16 Skim, Scan, and Use Tools
Sarah Duffy
Get an overview of a source. Find specific content. Proceed to engage closely and focus strategically.
What You’ll Learn:
- How to quick read: skim and scan
- How to use tools to engage closely
Recall what you know: Skimming, scanning, and reading closely are all strategies for engaging with a source. How are they different? Recall what you already know about these strategies by placing the descriptors below in the correct column.
Think about this: Before beginning to engage actively with a source, set a goal. What are you trying to achieve? How much time will you spend? What are the outcomes you are looking for? With this purpose in mind, you can choose how to interact with the source.
Quick Read: Skim and Scan
Skim First
When you skim a source, you go through it quickly so that you begin to grasp its focus, style, and content. The key word here is “quickly.” Remember that a full understanding will come later.
You’ll probably find that you’re adept at looking at content this way; it’s often how we approach the endless stream of media feeds on our devices.

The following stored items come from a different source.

(* The left-over term vanishes: this is where triangularity is used. *)
Lemma Fcorner0 : Fcorner = 0.
Proof.
apply: (sandwich_corner (N := m.+1)) => // [k t b hk hb | t0 t b htt hb].
  by rewrite (multilinear_at0 (F_multilinear hk) hb) ract0l.
by rewrite e_corner // F_in_M.
Qed.

Definition dlow j :=
  lact (a 0%N) (homotopy j (shiftarg a))
  + \sum_(0 <= l < j) (-1) ^+ l.+1 *: homotopy j (mergearg mul l a).

Definition dhigh j :=
  \sum_(j <= l < m) (-1) ^+ l.+1 *: homotopy j (mergearg mul l a)
  + (-1) ^+ m.+1 *: ract (homotopy j a) (a m).

Lemma hcobound_homotopy j : (j <= m)%N ->
  hcobound mul lact ract m (homotopy j) a = dlow j + dhigh j.
Proof.
move=> hj; rewrite /hcobound /dlow /dhigh.
rewrite -(big_mkord xpredT (fun l => (-1) ^+ l.+1 *: homotopy j (mergearg mul l a))).
by rewrite (big_cat_nat (leq0n j) hj) !addrA.
Qed.

(* The identities obtained from [cocycle_cut] for j = 0, 0 < j <= m and
   j = m+1: the high part of d(K_j F) is compensated by the low part of
   d(K_(j+1) F), up to the difference of two consecutive [Fcut]. *)
Lemma relation0 : F a - Fcut 1 - dhigh 0 = 0.
Proof.
have h := cocycle_cut (leq0n m.+1); rewrite left_term0 right_term // in h.
rewrite -(big_mkord xpredT (fun l => (-1) ^+ l.+1 *:
   sandwich 0 (fun t b => F (mergearg mul l (insarg 0 (e t) b))) a)) in h.
rewrite big_ltn // big_add1 merge_term_right // in h.
have hi_faces : \sum_(0 <= l < m) (-1) ^+ l.+2 *:
    sandwich 0 (fun t b => F (mergearg mul l.+1 (insarg 0 (e t) b))) a
  = - \sum_(0 <= l < m) (-1) ^+ l.+1 *: homotopy 0 (mergearg mul l a).
  by rewrite -sumrN; apply: eq_bigr => l _; rewrite merge_term_hi // sign_scaleS.
rewrite hi_faces in h.
rewrite expr1 scaleN1r sign_scaleS in h.
by rewrite -[RHS]h /dhigh opprD !addrA.
Qed.

Lemma relationS j : (j < m)%N ->
  dlow j + (-1) ^+ j.+1 *: (Fcut j.+1 - Fcut j.+2) - dhigh j.+1 = 0.
Proof.
move=> hjm; have hj1 : (j < m.+1)%N by lia.
have hj2 : (j.+1 < m.+1)%N by lia.
have h := cocycle_cut hj1; rewrite left_termS right_term // in h.
rewrite -(big_mkord xpredT (fun l => (-1) ^+ l.+1 *:
   sandwich j.+1 (fun t b => F (mergearg mul l (insarg j.+1 (e t) b))) a)) in h.
rewrite (big_cat_nat (leq0n j) (ltnW hj1)) (big_ltn hj1) (big_ltn hj2) in h.
rewrite merge_term_left merge_term_right // in h.
have lo_faces : \sum_(0 <= l < j) (-1) ^+ l.+1 *:
    sandwich j.+1 (fun t b => F (mergearg mul l (insarg j.+1 (e t) b))) a
  = \sum_(0 <= l < j) (-1) ^+ l.+1 *: homotopy j (mergearg mul l a).
  by apply: eq_big_nat => l hl; rewrite merge_term_lo //; lia.
rewrite lo_faces in h.
have hi_faces : \sum_(j.+2 <= l < m.+1) (-1) ^+ l.+1 *:
    sandwich j.+1 (fun t b => F (mergearg mul l (insarg j.+1 (e t) b))) a
  = - \sum_(j.+1 <= l < m) (-1) ^+ l.+1 *: homotopy j.+1 (mergearg mul l a).
  rewrite big_add1 -sumrN; apply: eq_big_nat => l hl.
  by rewrite merge_term_hi ?sign_scaleS //; lia.
rewrite hi_faces in h.
rewrite (sign_scaleS j.+1 (Fcut j.+2)) (sign_scaleS m.+1) in h.
by rewrite -[RHS]h /dlow /dhigh scalerBr opprD !addrA.
Qed.

Lemma relation_top : dlow m + (-1) ^+ m.+1 *: (Fcut m.+1 - Fcorner) = 0.
Proof.
have h := cocycle_cut (leqnn m.+1).
rewrite left_termS right_term_top big_ord_recr in h.
have last_face : sandwich m.+1
    (fun t b => F (mergearg mul (@ord_max m) (insarg m.+1 (e t) b))) a = Fcut m.+1.
  exact: merge_term_left.
rewrite last_face in h.
have lo_faces : \sum_(l < m) (-1) ^+ (widen_ord (leqnSn m) l).+1 *:
    sandwich m.+1 (fun t b => F (mergearg mul (widen_ord (leqnSn m) l) (insarg m.+1 (e t) b))) a
  = \sum_(0 <= l < m) (-1) ^+ l.+1 *: homotopy m (mergearg mul l a).
  by rewrite big_mkord; apply: eq_bigr => l _; rewrite merge_term_lo //= ltnS ltn_ord.
rewrite lo_faces in h.
by rewrite -[RHS]h (sign_scaleS m.+1 Fcorner) /dlow scalerBr !addrA.
Qed.

Lemma telescope_step (F0 Pk Pk2 Xk Xk1 Y : U) (c d : R) :
  (forall v : U, d *: (d *: v) = v) -> (forall v : U, d *: v = - (c *: v)) ->
  Y = Xk + d *: (Pk - Pk2) ->
  F0 - Pk + c *: Xk + d *: (Xk1 + Y) = F0 - Pk2 + d *: Xk1.
Proof.
move=> hdd hdc ->; rewrite scalerDr (scalerDr d Xk) hdd (hdc Xk) !addrA.
rewrite [F0 - Pk + c *: Xk + d *: Xk1]addrAC addrK.
by rewrite [F0 - Pk + d *: Xk1 + Pk]addrAC subrK addrAC.
Qed.

Lemma telescope_partial k : (k <= m)%N ->
  \sum_(j < k.+1) (-1) ^+ j *: hcobound mul lact ract m (homotopy j) a
  = F a - Fcut k.+1 + (-1) ^+ k *: dlow k.
Proof.
elim: k => [|k IH] hk.
  rewrite big_ord1 hcobound_homotopy //.
  move/eqP: relation0; rewrite subr_eq0 => /eqP <-.
  by rewrite !expr0 !scale1r addrC.
rewrite big_ord_recr /= IH 1?ltnW // hcobound_homotopy //.
move/eqP: (relationS hk); rewrite subr_eq0 => /eqP hY.
apply: telescope_step => // v; [exact: sign_scaleK | exact: sign_scaleS].
Qed.

Lemma telescope :
  \sum_(j < m.+1) (-1) ^+ j *: hcobound mul lact ract m (homotopy j) a = F a.
Proof.
rewrite telescope_partial //.
move/eqP: relation_top; rewrite addr_eq0 => /eqP ->.
by rewrite sign_scaleS opprK sign_scaleK Fcorner0 subr0 subrK.
Qed.
End Contraction.

Lemma sum_in_M I (r : seq I) (c : I -> R) (v : I -> U) :
  (forall i, v i \in M) -> \sum_(i <- r) c i *: v i \in M.
Proof. by move=> hv; elim/big_rec: _ => // i x _ hx; apply: M_lin. Qed.

Lemma hcobound_lincomb k N (c : 'I_N -> R) (f : 'I_N -> (nat -> T) -> U) b :
  hcobound mul lact ract k (fun x => \sum_j c j *: f j x) b
  = \sum_j c j *: hcobound mul lact ract k (f j) b.
Proof.
rewrite /hcobound; under [RHS]eq_bigr => j _ do rewrite !scalerDr.
rewrite !big_split /=; congr (_ + _ + _).
- by rewrite lact_sumr; apply: eq_bigr => j _; rewrite (linZ (lact_linr ^~ (b 0%N))).
- under eq_bigr => l _ do rewrite scaler_sumr.
  under [RHS]eq_bigr => j _ do rewrite scaler_sumr.
  rewrite exchange_big; apply: eq_bigr => j _; apply: eq_bigr => l _.
  by rewrite !scalerA mulrC.
- rewrite ract_suml scaler_sumr; apply: eq_bigr => j _.
  by rewrite (linZ (fun r m m' => ract_linl r m m' (b k))) !scalerA mulrC.
Qed.

(* Degree 0: an invariant element m0 = sum_(t,u) e_u m0 e_t is zero. *)
Lemma triangular_HH_vanishes0 : HH_vanishes mul A M lact ract 0.
Proof.
move=> m0 hm hc; rewrite -(e_lact_sum hm); apply: big1 => t _.
rewrite hc // -(e_lact_sum (ract_in_M m0 (e t))); apply: big1 => u _.
case: (leqP u t) => hut; first exact: e_corner.
rewrite lact_ractC // hc // ract_mul // e_orth.
by case: eqP => [eut|_]; [move: hut; rewrite eut ltnn | exact: ract0].
Qed.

You will engage with countless sources as part of your academic, personal, and professional experience. Your approach to skimming should vary by the type of source, its complexity, its length, and your reason for skimming. Are you skimming before doing a more detailed review of the source? Are you skimming so that you can decide if the source should be used for another purpose—e.g., as support for an argumentative essay you are writing? Are you using skimming to remind yourself of the key parts of a source you read a week ago?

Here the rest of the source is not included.